Military institute in Daxi, Taoyuan, Taiwan

The Chung Cheng Institute of Technology (CCIT; 中正理工學院 (Zhōngzhèng Lǐgōng Xuéyuàn)) was a military institute of technology located in Daxi District, Taoyuan City, Taiwan. It served as the primary institution in the Republic of China for training officers specialising in science and technology for national defense. In 2000, it was merged into the newly established National Defense University (NDU).

== History ==

=== Predecessor institutions and name chronology ===

The following table summarises the full succession of institutional names that led to the founding of the Chung Cheng Institute of Technology:

| Year | Chinese Name | English Name | Notes |
|---|---|---|---|
| 1903 | 京師陸軍測繪學堂 | Beijing Army Surveying and Mapping School | Founded in Peking as a surveying and mapping school; predecessor of the Surveying lineage |
| 1911 | 中央陸地測量學校 | Central Army Survey School | Renamed after the founding of the Republic of China |
| 1917 | 漢陽兵工專門學校 | Hanyang Ordnance School | Founded at the Hanyang Arsenal by order of Premier Duan Qirui; predecessor of the main engineering lineage |
| 1922 | — | — | Temporarily suspended due to lack of funding |
| 1924 | 漢陽兵工專門學校 | Hanyang Ordnance School | Re-established; curriculum extended to four years |
| 1926 | 國民政府兵工專門學校 | National Government Ordnance School | Renamed following the Northern Expedition |
| 1933 | 軍政部兵工專門學校 | Ministry of Military Administration Ordnance School | Relocated to Nanjing; reorganised under the Ministry of Military Administration |
| 1945 | 中央測量學校 | Central Survey School | Renamed (surveying lineage); renamed again after relocation to Taiwan as 聯勤測量學校 |
| 1946 | 兵工工程學院 | Ordnance Engineering College | Upgraded to college-level institution |
| 1962 | 陸軍理工學院 | Army Institute of Technology | Separated from the Ordnance School in September 1962; placed under the Army General Headquarters; campus on Xinsheng South Road, Taipei |
| 1966 | 中正理工學院 | Chung Cheng Institute of Technology | Renamed in October 1966; placed directly under the Ministry of National Defense; new campus site selected in Daxi |
| 1968 | 中正理工學院 | Chung Cheng Institute of Technology | Campus relocated to Yuanshulin, Daxi, Taoyuan County in December 1968 |
| 1969 | 中正理工學院 | Chung Cheng Institute of Technology | Absorbed the Naval Engineering College (海軍工程學院) and the Joint Logistics Surveying School (聯勤測量學校) in March 1969 |
| 2000 | 國防大學中正理工學院 | Chung Cheng Institute of Technology, National Defense University | Merged into National Defense University on 8 May 2000 |
| 2006 | 國防大學理工學院 | Chung Cheng Institute of Technology, National Defense University | Renamed again on 1 September 2006 under the Northern Region Military Schools Consolidation Plan |

=== Engineering lineage: Origins (1917–1949) ===

The main engineering lineage of the institute traces its origins to 1917, when Premier Duan Qirui of the Beiyang government established the Hanyang Ordnance School (漢陽兵工專門學校) at the famous Hanyang Arsenal in Hankou (modern-day Wuhan), Hubei Province. The school was founded to train engineering talent for the defence industry, initially recruiting primary and junior high school graduates for half-day study and half-day factory internships. After three intakes, the school was temporarily suspended in 1922 due to budget shortfalls.

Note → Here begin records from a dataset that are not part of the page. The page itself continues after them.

Lemma peeling_strip_nseq i j k w :
  peeling (nseq i a ++ u ++ nseq j a) (nseq k a ++ w) ->
  exists p q, [/\ p <= i, q <= j, p + q = k &
                 peeling (nseq (i - p) a ++ u ++ nseq (j - q) a) w].
Proof.
elim: k i j w => [|k IH] i j w P; first by exists 0, 0; rewrite !subn0.
move: P => /peeling_consP [[l1 E P1]|[l1 E P1]].
- case: i E => [|i] /= E; first by case: (trimmed_cat_cons Tu E).
  case: E => E; rewrite -E in P1.
  have [p [q [Hp Hq Hpq P2]]] := IH _ _ _ P1.
  by exists p.+1, q; rewrite subSS addSn Hpq.
- case: j E => [|j] E; first by move: E; rewrite cats0 => /(trimmed_cat_rcons Tu).
  rewrite nseqSr catA -rcons_cat in E.
  rewrite -(rcons_injl _ E) -catA in P1.
  have [p [q [Hp Hq Hpq P2]]] := IH _ _ _ P1.
  by exists p, q.+1; rewrite addnS Hpq subSS.
Qed.

Lemma peeling_nseq_prefix_leq i j k w :
  peeling (nseq i a ++ u ++ nseq j a) (nseq k a ++ w) -> k <= i + j.
Proof. by case/peeling_strip_nseq => p [q [Hp Hq <- _]]; lia. Qed.

Lemma peeling_strip_all_nseqE i j w :
  peeling (nseq i a ++ u ++ nseq j a) (nseq (i + j) a ++ w) <-> peeling u w.
Proof.
split=> [|P].
  case/peeling_strip_nseq => p [q [Hp Hq Hpq]].
  have [-> ->] : i - p = 0 /\ j - q = 0 by lia.
  by rewrite cats0.
by apply: peeling_prepend_nseq => //; rewrite !subnn cats0.
Qed.

Lemma peeling_nseq_prefix_min c i j k w : c <> a ->
  peeling (nseq i a ++ u ++ nseq j a) (nseq k a ++ c :: w) -> minn i j <= k.
Proof.
move=> ca /peeling_strip_nseq [p [q [Hp Hq <-]]].
case/peeling_consP => -[l1 E _].
- case Eip: (i - p) E => [|i'] E; [lia | by case: E => /esym /ca].
- case Ejq: (j - q) E => [|j'] E; first lia.
  by move: E; rewrite nseqSr catA -rcons_cat => /rcons_inj [_ /esym /ca].
Qed.

Lemma exists_peeling_nseq_min i j : exists c w, c <> a /\
  peeling (nseq i a ++ u ++ nseq j a) (nseq (minn i j) a ++ c :: w).
Proof.
case: (leqP i j) => ij.
  case: Tu; case: u => [//|c u1] _ Nh _; exists c, (u1 ++ nseq j a).
  by split; [move=> ca; apply: (Nh u1); rewrite ca | exact: peeling_refl].
have [] := trimmed_rev Tu; case Er: (rev u) => [//|c u1] _ Nh _.
exists c, (u1 ++ nseq i a); split; first by move=> ca; apply: (Nh u1); rewrite ca.
by apply/peeling_revE; rewrite !rev_cat !rev_nseq Er -catA; exact: peeling_refl.
Qed.

Lemma peeling_nseq_next_letter c i j w : i < j -> c <> a ->
  peeling (nseq i a ++ u ++ nseq j a) (nseq i a ++ c :: w) ->
  exists2 u1, u = c :: u1 & peeling (u1 ++ nseq j a) w.
Proof.
move=> ij ca /peeling_strip_nseq [p [q [Hp Hq Hpq]]].
case/peeling_consP => -[l1 E P].
- case Eip: (i - p) E => [|i'] E; last by case: E => /esym /ca.
  have q0 : q = 0 by lia.
  rewrite q0 subn0 in E.
  case: u Tu E => [[]//|d u1] _ /= [<- E].
  by exists u1; rewrite // E.
- case Ejq: (j - q) E => [|j'] E; first lia.
  by move: E; rewrite nseqSr catA -rcons_cat => /rcons_inj [_ /esym /ca].
Qed.

End TrimmedCore.

Lemma conjugate_palindrome a c j u v : c <> a ->
  u ++ nseq j a = nseq j a ++ v -> c :: u = rcons v c -> rev (c :: u) = c :: u.
Proof.
move=> ca; elim: {u}(size u).+1 {-2}u (ltnSn (size u)) v => // n IH u su v E1 E2.
case: (ltnP (size u) j) => [uj|ju].
  case/lastP: u su E1 E2 uj => [//|u z] _ E1 E2; rewrite size_rcons => /ltnW uj.
  exfalso; apply: ca.
  have /rcons_inj [_ <-] : rcons (c :: u) z = rcons v c by rewrite -E2.
  have := congr1 (nth z ^~ (size u)) E1.
  rewrite /= nth_cat size_rcons ltnSn nth_rcons ltnn eqxx nth_cat size_nseq.
  by rewrite nth_nseq uj => ->.
have [z Ex] : exists z, u = nseq j a ++ z.
  exists (drop j u); have := congr1 (take j) E1.
  by rewrite takel_cat // take_size_cat ?size_nseq // => <-; rewrite cat_take_drop.
rewrite {u ju}Ex in E1 E2 su *.
have {E1} Ey : v = z ++ nseq j a.
  by have := congr1 (drop j) E1; rewrite -catA !drop_size_cat ?size_nseq.
suff Rz : rev z = z by rewrite rev_cons rev_cat Rz rev_nseq E2 Ey.
case: z Ey E2 su => [//|d u1] -> /= [<-].
rewrite {1}(lastI c u1) -rcons_cat => /rcons_inj [Ej El] su.
apply: (IH _ _ (belast c u1)); first by move: su; rewrite size_cat /=; lia.
  by rewrite Ej.
by rewrite {1}(lastI c u1) El.
Qed.

Lemma rev_nseq_cat a i u j :
  rev (nseq i a ++ u ++ nseq j a) = nseq j a ++ rev u ++ nseq i a.
Proof. by rewrite !rev_cat !rev_nseq catA. Qed.

Lemma same_peelings_trimmed a u u' i j i' j' : trimmed a u -> trimmed a u' ->
  same_peelings (nseq i a ++ u ++ nseq j a) (nseq i' a ++ u' ++ nseq j' a) ->
  same_peelings u u' /\ (i' = i /\ j' = j \/ i' = j /\ j' = i).
Proof.
move=> Tu Tu' E.
have sum_le : i' + j' <= i + j.
  apply: (peeling_nseq_prefix_leq Tu (w := u')); apply/E.
  by apply/peeling_strip_all_nseqE => //; exact: peeling_refl.
have sum_ge : i + j <= i' + j'.
  apply: (peeling_nseq_prefix_leq Tu' (w := u)); apply/E.
  by apply/peeling_strip_all_nseqE => //; exact: peeling_refl.
have min_le : minn i j <= minn i' j'.
  have [c [w [ca /(E _).2 P]]] := exists_peeling_nseq_min Tu' i' j'.
  exact: (peeling_nseq_prefix_min Tu ca P).
have min_ge : minn i' j' <= minn i j.
  have [c [w [ca /(E _).1 P]]] := exists_peeling_nseq_min Tu i j.
  exact: (peeling_nseq_prefix_min Tu' ca P).
split; last by lia.
have sum_eq : i + j = i' + j' by lia.
by move=> w; rewrite -(peeling_strip_all_nseqE Tu i j) E sum_eq peeling_strip_all_nseqE.
Qed.

Definition peelings_determine_below n := forall l l',
  size l < n -> same_peelings l l' -> l' = l \/ l' = rev l.

Lemma same_peelings_rev_core_lt a u i j :
  peelings_determine_below (size (nseq i a ++ u ++ nseq j a)) -> trimmed a u ->
  i < j -> same_peelings (nseq i a ++ u ++ nseq j a) (nseq i a ++ rev u ++ nseq j a) ->
  rev u = u.
Proof.
move=> IH Tu ij E; have Tr := trimmed_rev Tu.
case: u Tu Tr IH E => [[]//|c u] Tu Tr IH E.
have ca : c <> a by case: Tu => _ Nh _ ca; apply: (Nh u); rewrite ca.
have [u2 Eu2 _] := peeling_nseq_next_letter Tr ij ca
  ((E _).1 (peeling_refl (nseq i a ++ (c :: u) ++ nseq j a))).
have E' : same_peelings (u ++ nseq j a) (u2 ++ nseq j a).
  move=> w; split=> /(peeling_front c) /(peeling_nseq_front a i) P.
  - have /E /(peeling_nseq_next_letter Tr ij ca) [u1] := P.
    by rewrite Eu2 => -[<-].
  - have /E /(peeling_nseq_next_letter Tu ij ca) [u1 [<-] //] :
      peeling (nseq i a ++ rev (c :: u) ++ nseq j a) (nseq i a ++ c :: w) by rewrite Eu2.
have sz : size (u ++ nseq j a) < size (nseq i a ++ (c :: u) ++ nseq j a).
  by rewrite !size_cat /=; lia.
have [Eu|Eu] := IH _ _ sz E'.
- have Sz : size u2 = size u by have := congr1 size Eu2; rewrite size_rev => -[].
  have := congr1 (take (size u)) Eu; rewrite -{1}Sz !take_size_cat // => Eu'.
  by rewrite Eu2 Eu'.
- apply: (conjugate_palindrome (j := j) (v := rev u2) ca).
    by have := congr1 rev Eu; rewrite revK !rev_cat rev_nseq => ->.
  by rewrite -rev_cons -Eu2 revK.
Qed.

Lemma same_peelings_rev_core a u i j :
  peelings_determine_below (size (nseq i a ++ u ++ nseq j a)) -> trimmed a u ->
  i != j -> same_peelings (nseq i a ++ u ++ nseq j a) (nseq i a ++ rev u ++ nseq j a) ->
  rev u = u.
Proof.
move=> IH Tu; case: ltngtP => // [ij|ji] _ E; first exact: same_peelings_rev_core_lt E.
apply/esym; rewrite -{1}(revK u).
apply: (same_peelings_rev_core_lt _ (trimmed_rev Tu) ji).
  by rewrite -(size_rev (_ ++ _)) rev_nseq_cat revK.
by move=> w; rewrite revK -rev_nseq_cat peeling_revE E -peeling_revE rev_nseq_cat revK.
Qed.

Theorem same_peelingsP l l' : same_peelings l l' <-> l' = l \/ l' = rev l.
Proof.
split=> [|[->|->]]; [|by []|exact: same_peelings_rev].
elim: {l}(size l).+1 {-2}l (ltnSn (size l)) l' => // N IH l sl l' E.
case: l sl E => [|a l0] sl E.
  by left; have /size_peeling/size0nil := (E l').2 (peeling_refl l').
have [El|[i [u [j [El Tu]]]]] := trimmed_decomposition a (a :: l0).
  by left; rewrite El; apply: peeling_nseq; rewrite -El; apply/E; exact: peeling_refl.
have [El'|[i' [u' [j' [El' Tu']]]]] := trimmed_decomposition a l'.
  have /peeling_nseq : peeling (nseq (size l') a) (a :: l0).
    by rewrite -El'; apply/E; exact: peeling_refl.
  by rewrite El => /nseq_cat_trimmed_neq.
have i0 : 0 < i by case: i El => // El; case: (trimmed_cat_cons (w := l0) Tu (esym El)).
rewrite {}El {}El' {l0} in sl E *.
have IH' : peelings_determine_below (size (nseq i a ++ u ++ nseq j a)).
  by move=> l1 l2 s1; apply: IH; apply: leq_trans s1 sl.
have [Eu Eij] := same_peelings_trimmed Tu Tu' E.
have su : size u < N by move: sl; rewrite !size_cat !size_nseq; lia.
have flip : same_peelings (nseq i a ++ u ++ nseq j a) (nseq i a ++ rev u ++ nseq j a) ->
    nseq i a ++ rev u ++ nseq j a = nseq i a ++ u ++ nseq j a \/
    nseq i a ++ rev u ++ nseq j a = rev (nseq i a ++ u ++ nseq j a).
  case: (eqVneq i j) => [<- _|nij F]; first by right; rewrite rev_nseq_cat.
  by left; rewrite (same_peelings_rev_core IH' Tu nij F).
case: Eij E => -[-> ->]; case: (IH u su u' Eu) => -> E.
- by left.
- exact: flip E.
- have F : same_peelings (nseq i a ++ u ++ nseq j a) (nseq i a ++ rev u ++ nseq j a).
    by move=> w; rewrite E -peeling_revE rev_nseq_cat.
  have -> : nseq j a ++ u ++ nseq i a = rev (nseq i a ++ rev u ++ nseq j a).
    by rewrite rev_nseq_cat revK.
  by case: (flip F) => ->; [right | left; rewrite revK].
- by right; rewrite rev_nseq_cat.
Qed.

In 1924, the school was re-established and upgraded, modelling itself on Japanese imperial universities with four-year programmes in armaments manufacturing and chemical engineering, recruiting senior high school graduates. In 1926, following the Northern Expedition, it was renamed the National Government Ordnance School (國民政府兵工專門學校). In 1933, with the establishment of the Ministry of Military Administration, it was reorganised as the Ministry of Military Administration Ordnance School (軍政部兵工專門學校) and relocated to Nanjing. Following the end of World War II in 1945, the institution was further upgraded in 1946 to become the Ordnance Engineering College (兵工工程學院), offering a full university-level programme.

=== Surveying lineage: Origins (1903–1949) ===

The surveying lineage of the institute dates back to 1903 (the 8th year before the founding of the Republic of China), when the Beijing Army Surveying and Mapping School (京師陸軍測繪學堂) was established in Peking. After the founding of the Republic of China in 1911, it was renamed the Central Army Survey School (中央陸地測量學校). The school relocated multiple times during the Northern Expedition and the Second Sino-Japanese War, and was renamed the Central Survey School (中央測量學校) on 1 March 1945. After relocating to Taiwan following the Chinese Civil War, it was renamed the Joint Logistics Surveying School (聯勤測量學校).

=== Restructuring in Taiwan (1949–1966) ===

Following the Chinese Civil War, the Ordnance Engineering College relocated to Hualien, Taiwan with the Government of the Republic of China in 1949. The school have suffered severe damage in the 1951 Hualien earthquake, so it was ordered to build a new school building on Xinsheng South Road in Taipei City. In the autumn of 1952, all the students have moved in. In September 1962, the institution was separated from the Ordnance School (兵工學校), with the college department reorganised as the Army Institute of Technology (陸軍理工學院), placed directly under the Army General Headquarters. Its campus was situated on Xinsheng South Road in Taipei, adjacent to National Taiwan University. During this period the institution expanded its departments to include civil engineering, industrial engineering, and physics, in addition to its original four engineering disciplines.

In October 1966, by order of the Ministry of National Defense, the Army Institute of Technology was renamed the Chung Cheng Institute of Technology (中正理工學院), in honour of Chiang Kai-shek, whose courtesy name (字) was Zhōngzhèng (中正). A new campus site was selected along the Dahan River at Zhongzhengling in Daxi, Taoyuan County. In the same year, the Aerospace Engineering Department was established.

=== Consolidation at Daxi (1968–2000) ===

In December 1968, the institute formally relocated to its permanent campus at Yuanshulin (員樹林), Daxi, Taoyuan County. In March 1969, by government order, the institute absorbed both the Naval Engineering College (海軍工程學院) and the Joint Logistics Surveying School (聯勤測量學校), bringing together the engineering, naval, and surveying lineages into a single consolidated institution. New departments in applied mathematics, surveying, and mapping were established at this time.

The consolidated institute became the highest-level institution in the Republic of China dedicated to training defence science and technology personnel under the Ministry of National Defense. It offered undergraduate, master's, and doctoral programmes across thirteen departments.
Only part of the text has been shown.